Bagikan:

JAKARTA - Kejaksaan Agung (Kejagung) bakal mendalami dugaan keterlibatan pihak lain dalam perkara dugaan gratifikasi yang menjerat Maryono, eks Direktur Utama Bank Tabungan Negara (BTN).

Direktur Penyidikan Jaksa Agung Muda Tindak Pidana Khusus (Jampidsus) Kejagung, Febrie Ardiansyah mengatakan, pihak-pihak yang masuk dalam rencana pengembangan perkara itu antara lain para direksi ketika Maryono memimpin.

"Korupsi itu kan proses, dalam proses pasti melibatkan beberapa jabatan. Nah ini yang nanti akan kita periksa, di situ bagaimana processing melalui tahapan-tahapan itu," ujar Febrie kepada wartawan, Kamis, 8 Oktober.

Tak hanya mengembangkan ke pihak internal BTN, penyidik juga bakal mengembangkan pihak eksternal. Sebab, Maryono diduga menerima suap dari PT Titanium Property dan PT Pelangi Putera Mandiri yang masing-masing sebesar Rp870 juta dan Rp2,275 miliar.

"Pemeriksaan kita tidak hanya di kredit ini. Tentunya secara keseluruhan kita buka, ada nggak keterlibatan pihak yang lain. Korupsi ngga mungkin tunggal, pasti ada beberapa pihak," papar Febrie.

Sejauh ini, dugaan gratifikasi itu terkait pencarian fasilitas kredit terhadap dua perusahaan itu.
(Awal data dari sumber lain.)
(* Let $\Bbbk$ be an algebraically closed field of characteristic $0$, let $\mathfrak q$ be a finite-dimensional Lie algebra over $\Bbbk$, and let $\vartheta\in\mathrm{Aut}(\mathfrak q)$ be an automorphism of finite order $m\ge 1$ with fixed-point subalgebra $\mathfrak q_0=\mathfrak q^\vartheta$. Let $n\ge 1$, $\mathfrak r=\mathfrak q^{\oplus n}$, and let $\tilde\vartheta\in\mathrm{Aut}(\mathfrak r)$ be defined by $\tilde\vartheta(y_1,y_2,\ldots,y_n)=(y_n,\vartheta(y_1),y_2,\ldots,y_{n-1})$. Suppose that $\mathfrak q_0^*\cap\mathfrak q^*_{\mathsf{reg}}\neq\varnothing$. Then $\mathfrak r_0^*\cap\mathfrak r^*_{\mathsf{reg}}\neq\varnothing$.
   Context: Fix a primitive $m$-th root of unity $\zeta$; $\mathfrak q_i$ ($i=0,\dots,m-1$) is the $\zeta^i$-eigenspace of $\vartheta$, so $\mathfrak q=\bigoplus_i\mathfrak q_i$. The space $\mathfrak q_0^*$ is identified with the annihilator of $\bigoplus_{i=1}^{m-1}\mathfrak q_i$ in $\mathfrak q^*$. Similarly $\mathfrak r_0=\mathfrak r^{\tilde\vartheta}$ and $\mathfrak r_0^*$ denotes the annihilator in $\mathfrak r^*$ of the sum of all eigenspaces of $\tilde\vartheta$ with eigenvalue $\neq 1$. For a finite-dimensional Lie algebra $\mathfrak a$ and $\xi\in\mathfrak a^*$, $\mathfrak a^\xi=\{x\in\mathfrak a: \mathrm{ad}^*(x)\xi=0\}$; the index is $\mathrm{ind}\,\mathfrak a=\min_{\xi\in\mathfrak a^*}\dim\mathfrak a^\xi$, and $\mathfrak a^*_{\mathsf{reg}}=\{\xi\in\mathfrak a^*:\dim\mathfrak a^\xi=\mathrm{ind}\,\mathfrak a\}$. *)

From HB Require Import structures.
From mathcomp Require Import all_boot all_order all_algebra vector.
Set Implicit Arguments. Unset Strict Implicit. Unset Printing Implicit Defensive.
Import GRing.Theory.
Local Open Scope ring_scope.

Definition is_lie_bracket (K : fieldType) (V : vectType K) (br : V -> V -> V) : Prop :=
  [/\ (forall (a : K) (x y z : V), br (a *: x + y) z = a *: br x z + br y z),
      (forall (a : K) (x y z : V), br z (a *: x + y) = a *: br z x + br z y),
      (forall x : V, br x x = 0) &
      (forall x y z : V, br x (br y z) + br y (br z x) + br z (br x y) = 0)].

Definition is_lie_aut (K : fieldType) (V : vectType K) (br : V -> V -> V)
    (th : 'End(V)) : Prop :=
  (lker th == 0)%VS /\ forall x y : V, th (br x y) = br (th x) (th y).

Definition has_order (K : fieldType) (V : vectType K) (th : 'End(V)) (m : nat) : Prop :=
  [/\ (0 < m)%N,
      (forall x : V, iter m th x = x) &
      (forall k : nat, (0 < k < m)%N -> exists x : V, iter k th x != x)].


Definition stab (K : fieldType) (V : vectType K) (br : V -> V -> V)
    (xi : 'Hom(V, K^o)) : {vspace V} :=
  lker (linfun (fun x : V => linfun (fun y : V => (xi (br x y) : K^o)))).

Definition dual_reg (K : fieldType) (V : vectType K) (br : V -> V -> V)
    (xi : 'Hom(V, K^o)) : Prop :=
  forall eta : 'Hom(V, K^o), (\dim (stab br xi) <= \dim (stab br eta))%N.

(* q_0^*: the annihilator of the sum of the eigenspaces q_i = ker(th - zeta^i),
   i = 1, ..., m-1 (zeta a primitive m-th root of unity). *)
Definition in_q0_dual (K : fieldType) (V : vectType K) (th : 'End(V)) (m : nat)
    (zeta : K) (xi : 'Hom(V, K^o)) : Prop :=
  forall i : nat, (0 < i < m)%N ->
    forall x : V, x \in passmx.leigenspace th (zeta ^+ i) -> xi x = 0.

(* r_0^*: annihilator of the sum of all eigenspaces of th with eigenvalue != 1. *)
Definition in_fixed_dual (K : fieldType) (V : vectType K) (th : 'End(V))
    (xi : 'Hom(V, K^o)) : Prop :=
  forall a : K, a != 1 -> forall x : V, x \in passmx.leigenspace th a -> xi x = 0.

(* r = q^{(+) n.+1}, realised as finite functions 'I_n.+1 -> V. *)
Definition sum_bracket (K : fieldType) (V : vectType K) (br : V -> V -> V) (n : nat)
    (y z : {ffun 'I_n.+1 -> V}) : {ffun 'I_n.+1 -> V} :=
  [ffun j => br (y j) (z j)].

(* tilde theta (y_1, ..., y_N) = (y_N, th y_1, y_2, ..., y_{N-1}), N = n.+1;
   0-indexed: component j is y_{j-1 mod N}, with th applied iff j = 1 mod N
   (for N = 1 this is just th). *)
Definition cyc_aut_fun (K : fieldType) (V : vectType K) (th : 'End(V)) (n : nat)
    (y : {ffun 'I_n.+1 -> V}) : {ffun 'I_n.+1 -> V} :=
  [ffun j : 'I_n.+1 =>
     if val j == (1 %% n.+1)%N then th (y (ord_pred j)) else y (ord_pred j)].

Definition cyc_aut (K : fieldType) (V : vectType K) (th : 'End(V)) (n : nat)
  : 'End({ffun 'I_n.+1 -> V}) := linfun (cyc_aut_fun th (n:=n)).

From HB Require Import structures.
From mathcomp Require Import all_boot all_order all_algebra vector.
Set Implicit Arguments. Unset Strict Implicit. Unset Printing Implicit Defensive.
Import GRing.Theory.
Local Open Scope ring_scope.

(* Take Xi (y_1, ..., y_N) := xi y_1 + ... + xi y_N for xi regular in q_0^*.
   The stabiliser of Xi lies in the direct sum of N copies of q^xi, while for
   any eta the stabiliser r^eta contains the direct sum of the stabilisers of
   the restrictions of eta to the N factors; so regularity of xi gives that of
   Xi.  Moreover xi is theta-invariant: the discrete Fourier components
   (1/m) sum_k zeta^(ik) theta^k x of any x are theta-eigenvectors summing to
   x, and xi kills those with eigenvalue <> 1.  Hence Xi is invariant under
   tilde-theta, and an invariant functional vanishes on every eigenspace with
   eigenvalue <> 1. *)

Lemma linfun_linearE (K : fieldType) (aT rT : vectType K) (f : aT -> rT) :
  linear f -> linfun f =1 f.
Proof.
move=> f_lin.
pose F : {linear aT -> rT} := HB.pack f (GRing.isLinear.Build K aT rT *:%R f f_lin).
exact: (lfunE F).
Qed.

Lemma leigenspaceP (K : fieldType) (V : vectType K) (f : 'End(V)) a x :
  reflect (f x = a *: x) (x \in passmx.leigenspace f a).
Proof. by rewrite memv_ker !lfun_simp /= subr_eq0; apply: eqP. Qed.

Lemma invariant_fixed_dual (K : fieldType) (V : vectType K) (f : 'End(V))
    (xi : 'Hom(V, K^o)) :
  (forall x, xi (f x) = xi x) -> in_fixed_dual f xi.
Proof.
move=> xi_inv a a_neq1 x /leigenspaceP fx; have /eqP := xi_inv x.
rewrite fx linearZ /= -subr_eq0 -{2}(mul1r (xi x)) -mulrBl mulf_eq0 subr_eq0.
by rewrite (negPf a_neq1) => /eqP.
Qed.

Section Stabiliser.
Variables (K : fieldType) (V : vectType K) (br : V -> V -> V).
Hypothesis br_linl :
  forall (a : K) (x y z : V), br (a *: x + y) z = a *: br x z + br y z.
Hypothesis br_linr :
  forall (a : K) (x y z : V), br z (a *: x + y) = a *: br z x + br z y.

Lemma br0l z : br 0 z = 0.
Proof.
have /eqP := br_linl 1 0 0 z.
by rewrite !scale1r addr0 -subr_eq subrr eq_sym => /eqP.
Qed.

Lemma br0r z : br z 0 = 0.
Proof.
have /eqP := br_linr 1 0 0 z.
by rewrite !scale1r addr0 -subr_eq subrr eq_sym => /eqP.
Qed.

Lemma stabP (xi : 'Hom(V, K^o)) v :
  reflect (forall y, xi (br v y) = 0) (v \in stab br xi).
Proof.
have lin_r x : linear (fun y : V => (xi (br x y) : K^o)).
  by move=> a y z; rewrite br_linr linearP.
have lin_l : linear (fun x => linfun (fun y : V => (xi (br x y) : K^o))).
  move=> a x y; apply/lfunP => z.
  by rewrite !lfun_simp /= !linfun_linearE // br_linl linearP.
rewrite /stab memv_ker linfun_linearE //; apply: (iffP eqP) => [/lfunP h y|h].
  by have := h y; rewrite linfun_linearE // zero_lfunE.
by apply/lfunP => y; rewrite linfun_linearE // zero_lfunE.
Qed.

End Stabiliser.

Lemma sum_expr_eq0 (R : idomainType) (z : R) m :
  z ^+ m = 1 -> z != 1 -> \sum_(i < m) z ^+ i = 0.
Proof.
move=> zm z_neq1; have /eqP := subrX1 z m.
by rewrite zm subrr eq_sym mulf_eq0 subr_eq0 (negPf z_neq1) => /eqP.
Qed.

Lemma sum_prim_root_expr (R : idomainType) (z : R) m k :
  m.-primitive_root z ->
  \sum_(i < m) z ^+ (i * k) = if (m %| k)%N then m%:R else 0.
Proof.
move=> z_prim; under eq_bigr => i _ do rewrite mulnC exprM.
case: ifP => [m_dvd_k|m_ndvd_k].
  rewrite (prim_order_dvd z_prim) in m_dvd_k.
  under eq_bigr => i _ do rewrite (eqP m_dvd_k) expr1n.
  by rewrite sumr_const card_ord.
apply: sum_expr_eq0; last by rewrite -(prim_order_dvd z_prim) m_ndvd_k.
by rewrite -exprM mulnC exprM (prim_expr_order z_prim) expr1n.
Qed.

Lemma sum_shift_periodic (M : zmodType) (g : nat -> M) m :
  g m = g 0%N -> \sum_(k < m) g k.+1 = \sum_(k < m) g k.
Proof.
move=> g_per; apply: (@addrI _ (g 0%N)).
have : \sum_(0 <= k < m.+1) g k = \sum_(0 <= k < m.+1) g k by [].
by rewrite {1}big_nat_recl // big_nat_recr //= g_per [RHS]addrC !big_mkord.
Qed.

Section Fourier.
Variables (K : fieldType) (V : vectType K) (th : 'End(V)) (m : nat) (zeta : K).
Hypothesis zeta_prim : m.-primitive_root zeta.
Hypothesis th_order : forall x, iter m th x = x.

Definition fourier_sum (i : nat) (x : V) : V :=
  \sum_(k < m) zeta ^+ (i * k) *: iter k th x.

Definition fourier_comp (i : nat) (x : V) : V := m%:R^-1 *: fourier_sum i x.

Lemma fourier_sum_eigen i x : zeta ^+ i *: th (fourier_sum i x) = fourier_sum i x.
Proof.
pose g k := zeta ^+ (i * k) *: iter k th x.
rewrite /fourier_sum -[RHS](@sum_shift_periodic _ g); last first.
  by rewrite /g th_order muln0 mulnC exprM (prim_expr_order zeta_prim) expr1n.
rewrite linear_sum scaler_sumr; apply: eq_bigr => k _.
by rewrite linearZ scalerA -exprD -mulnS.
Qed.

Lemma fourier_comp_eigen i x :
  (i <= m)%N -> th (fourier_comp i x) = zeta ^+ (m - i) *: fourier_comp i x.
Proof.
move=> le_im; rewrite /fourier_comp -[in RHS](fourier_sum_eigen i x) linearZ /=.
by rewrite !scalerA mulrAC -exprD subnK // (prim_expr_order zeta_prim) mul1r.
Qed.

Lemma sum_fourier_comp x : \sum_(i < m) fourier_comp i x = x.
Proof.
rewrite /fourier_comp /fourier_sum -scaler_sumr exchange_big /=.
under eq_bigr => k _ do rewrite -scaler_suml (sum_prim_root_expr _ zeta_prim).
have m_gt0 := prim_order_gt0 zeta_prim.
rewrite (bigD1 (Ordinal m_gt0)) //= big1 ?addr0 => [|k k_neq0].
  by rewrite dvdn0 scalerA mulVf ?scale1r ?(prim_root_natf_neq0 zeta_prim).
rewrite gtnNdvd ?scale0r // lt0n.
by apply: contra k_neq0 => /eqP k0; apply/eqP/val_inj.
Qed.

Lemma q0_dual_invariant (xi : 'Hom(V, K^o)) :
  in_q0_dual th m zeta xi -> forall x, xi (th x) = xi x.
Proof.
move=> xi_q0 x; rewrite -(sum_fourier_comp x) linear_sum /= !linear_sum /=.
apply: eq_bigr => -[i /= lt_im] _.
rewrite fourier_comp_eigen ?(ltnW lt_im) // linearZ /=.
have [->|i_gt0] := posnP i; first by rewrite subn0 (prim_expr_order zeta_prim) scale1r.
have comp0 : xi (fourier_comp i x) = 0.
  apply: (xi_q0 (m - i)%N).
    by rewrite subn_gt0 lt_im ltn_subrL i_gt0 (ltn_trans i_gt0 lt_im).
  by apply/leigenspaceP; rewrite fourier_comp_eigen ?(ltnW lt_im).
by rewrite comp0 scaler0.
Qed.

End Fourier.

Section DirectSum.
Variables (K : fieldType) (V : vectType K) (n : nat).
Local Notation R := {ffun 'I_n.+1 -> V}.

Definition embed (j : 'I_n.+1) : 'Hom(V, R) :=
  linfun (fun v : V => [ffun k => if k == j then v else 0] : R).

Lemma embedE j v k : embed j v k = if k == j then v else 0.
Proof.
rewrite linfun_linearE ?ffunE // => a x y; apply/ffunP => i; rewrite !ffunE.
by case: ifP => _; rewrite ?scaler0 ?addr0.
Qed.

Lemma embed_inj j : injective (embed j).
Proof. by move=> x y /ffunP /(_ j); rewrite !embedE eqxx. Qed.

Lemma ffun_sum_embed (y : R) : y = \sum_j embed j (y j).
Proof.
apply/ffunP => k; rewrite sum_ffunE (bigD1 k) //= big1 ?addr0.
  by rewrite embedE eqxx.
by move=> j /negPf k_neq_j; rewrite embedE eq_sym k_neq_j.
Qed.

Lemma directv_sum_embed (Us : 'I_n.+1 -> {vspace V}) :
  directv (\sum_j embed j @: Us j).
Proof.
apply/directv_sum_independent => us us_in sum0 i _.
have us_out j k : k != j -> us j k = 0.
  by case/memv_imgP: (us_in j isT) => u _ -> /negPf k_neq_j; rewrite embedE k_neq_j.
apply/ffunP => k; rewrite ffunE; have [->|/us_out//] := eqVneq k i.
have := congr1 (fun y : R => y i) sum0; rewrite /= sum_ffunE ffunE (bigD1 i) //=.
by rewrite big1 ?addr0 // => j j_neq_i; apply: us_out; rewrite eq_sym.
Qed.

Lemma dim_sum_embed (Us : 'I_n.+1 -> {vspace V}) :
  \dim (\sum_j embed j @: Us j) = \sum_j \dim (Us j).
Proof.
move/directvP: (directv_sum_embed Us) => /= ->; apply: eq_bigr => j _.
by apply: limg_dim_eq; have /lker0P/eqP -> := @embed_inj j; rewrite capv0.
Qed.

Definition dual_diag (xi : 'Hom(V, K^o)) : 'Hom(R, K^o) :=
  linfun (fun y : R => \sum_j (xi (y j) : K^o)).

Lemma dual_diagE xi y : dual_diag xi y = \sum_j xi (y j).
Proof.
rewrite linfun_linearE // => a x z; rewrite scaler_sumr -big_split /=.
by apply: eq_bigr => j _; rewrite !ffunE linearP.
Qed.

Lemma dual_diag_cyc_aut (th : 'End(V)) (xi : 'Hom(V, K^o)) :
  (forall x, xi (th x) = xi x) ->
  forall y, dual_diag xi (cyc_aut th n y) = dual_diag xi y.
Proof.
move=> xi_inv y; have cyc_lin : linear (@cyc_aut_fun K V th n).
  by move=> a x z; apply/ffunP => j; rewrite !ffunE; case: ifP; rewrite ?linearP.
rewrite !dual_diagE [RHS](reindex_inj (@ord_pred_inj _)) /=.
apply: eq_bigr => j _; rewrite (linfun_linearE cyc_lin) ffunE.
by case: ifP; rewrite ?xi_inv.
Qed.

Section Bracket.
Variable br : V -> V -> V.
Hypothesis br_linl :
  forall (a : K) (x y z : V), br (a *: x + y) z = a *: br x z + br y z.
Hypothesis br_linr :
  forall (a : K) (x y z : V), br z (a *: x + y) = a *: br z x + br z y.

Local Notation sbr := (sum_bracket br (n:=n)).

Lemma sum_bracket_linl a (x y z : R) : sbr (a *: x + y) z = a *: sbr x z + sbr y z.
Proof. by apply/ffunP => k; rewrite !ffunE br_linl. Qed.

Lemma sum_bracket_linr a (x y z : R) : sbr z (a *: x + y) = a *: sbr z x + sbr z y.
Proof. by apply/ffunP => k; rewrite !ffunE br_linr. Qed.

Lemma sum_bracket_embed j v w : sbr (embed j v) w = embed j (br v (w j)).
Proof.
apply/ffunP => k; rewrite !ffunE !embedE.
by case: eqP => [->|_]; rewrite ?br0l.
Qed.

Local Notation br_stabP := (stabP br_linl br_linr).
Local Notation sbr_stabP := (stabP sum_bracket_linl sum_bracket_linr).

Lemma stab_dual_diag_sub xi :
  (stab sbr (dual_diag xi) <= \sum_j embed j @: stab br xi)%VS.
Proof.
apply/subvP => y /sbr_stabP y_stab; rewrite [y]ffun_sum_embed.
apply: memv_sumr => j _; apply/memv_img/br_stabP => z.
have := y_stab (embed j z); rewrite dual_diagE (bigD1 j) //= big1 ?addr0.
  by rewrite ffunE embedE eqxx.
by move=> k /negPf k_neq_j; rewrite ffunE embedE k_neq_j br0r // linear0.
Qed.

Lemma stab_restrict_sub eta :
  (\sum_j embed j @: stab br (eta \o embed j)%VF <= stab sbr eta)%VS.
Proof.
apply/subv_sumP => j _; apply/subvP => _ /memv_imgP[v /br_stabP v_stab ->].
by apply/sbr_stabP => w; rewrite sum_bracket_embed -comp_lfunE v_stab.
Qed.

Lemma dual_reg_diag xi : dual_reg br xi -> dual_reg sbr (dual_diag xi).
Proof.
move=> xi_reg eta.
rewrite (leq_trans (dimvS (stab_dual_diag_sub xi))) // dim_sum_embed.
rewrite (leq_trans _ (dimvS (stab_restrict_sub eta))) // dim_sum_embed.
by apply: leq_sum => j _; apply: xi_reg.
Qed.

End Bracket.
End DirectSum.

Theorem lemma2p1 (K : closedFieldType) (hK : [pchar K] =i pred0)
    (V : vectType K) (br : V -> V -> V) (hbr : is_lie_bracket br)
    (th : 'End(V)) (hth : is_lie_aut br th) (m : nat) (hm : has_order th m)
    (zeta : K) (hzeta : m.-primitive_root zeta) (n : nat)
    (hq : exists xi : 'Hom(V, K^o), in_q0_dual th m zeta xi /\ dual_reg br xi) :
  exists xi : 'Hom({ffun 'I_n.+1 -> V}, K^o),
    in_fixed_dual (cyc_aut th n) xi /\ dual_reg (sum_bracket br (n:=n)) xi.
Proof.
have [xi [xi_q0 xi_reg]] := hq.
have [br_linl br_linr _ _] := hbr.
have [_ th_order _] := hm.
exists (dual_diag n xi); split; last exact: dual_reg_diag.
apply: invariant_fixed_dual; apply: dual_diag_cyc_aut.
exact: q0_dual_invariant xi_q0.
Qed.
Nantinya dalam penyidikan juga tak menutup kemungkinan akan berkembang ke tindak pidana koruosi lainnya.

"Ini sedang kita perdalam, gratifikasi itu kan pintu masuk saja, kita lihat ada alat buktinya, setelah itu kan kita akan lihat selama proses dia menjabat," kata dia.

Sebelumnya diberitakan, mantan Direktur Utama Bank Tabungan Negara (BTN) H Maryono dan Direktur Utama PT Pelangi Putera Mandiri Yunan Anwar ditetapkan sebagai tersangka atas dugaan tindak pidana korupsi penerimaan gratifikasi.

"Dalam kurun waktu 2013 sampai dengan tahun 2015, diduga HM sebagai Direktur Utama Bank Tabungan Negara periode tahun 2012-2019 telah menerima hadiah atau janji atau suap atau gratifikasi berupa uang melalui rekening bank atas nama Widi Kusuma Purwanto yang merupakan menantu dari HM," ujar Kepala Pusat Penerangan Hukum Kejagung Hari Setiyono, Rabu, 7 Oktober.

Maryono yang saat itu menjabat Direktur Utama BTN diduga mendorong pemberian fasilitas kredit walaupun tidak sesuai dengan SOP yang berlaku pada BTN kepada PT Titanium Property dan PT Pelangi Putera Mandiri.

Atas perbuatan itu, Maryono disangkakan melanggar Pasal 12 huruf a atau Pasal 12 huruf b atau Pasal 5 ayat (2) jo ayat (1) huruf a atau huruf b atau Pasal 11 Undang-Undang Nomor 31 Tahun 1999 sebagaimana diubah dengan Undang-Undang Nomor 20 Tahun 2001 tentang Pemberantasan Tindak Pidana Korupsi jo. Pasal 55 ayat (1) ke-1 KUHP.

Sedangkan Yunan Anwar disangkakan melanggar Pasal 5 ayat (1) huruf a atau huruf b atau Pasal 13 Undang Undang Nomor 31 Tahun 1999 sebagaimana diubah dengan Undang Undang Nomor 20 Tahun 2001 tentang Pemberantasan Tindak Pidana Korupsi.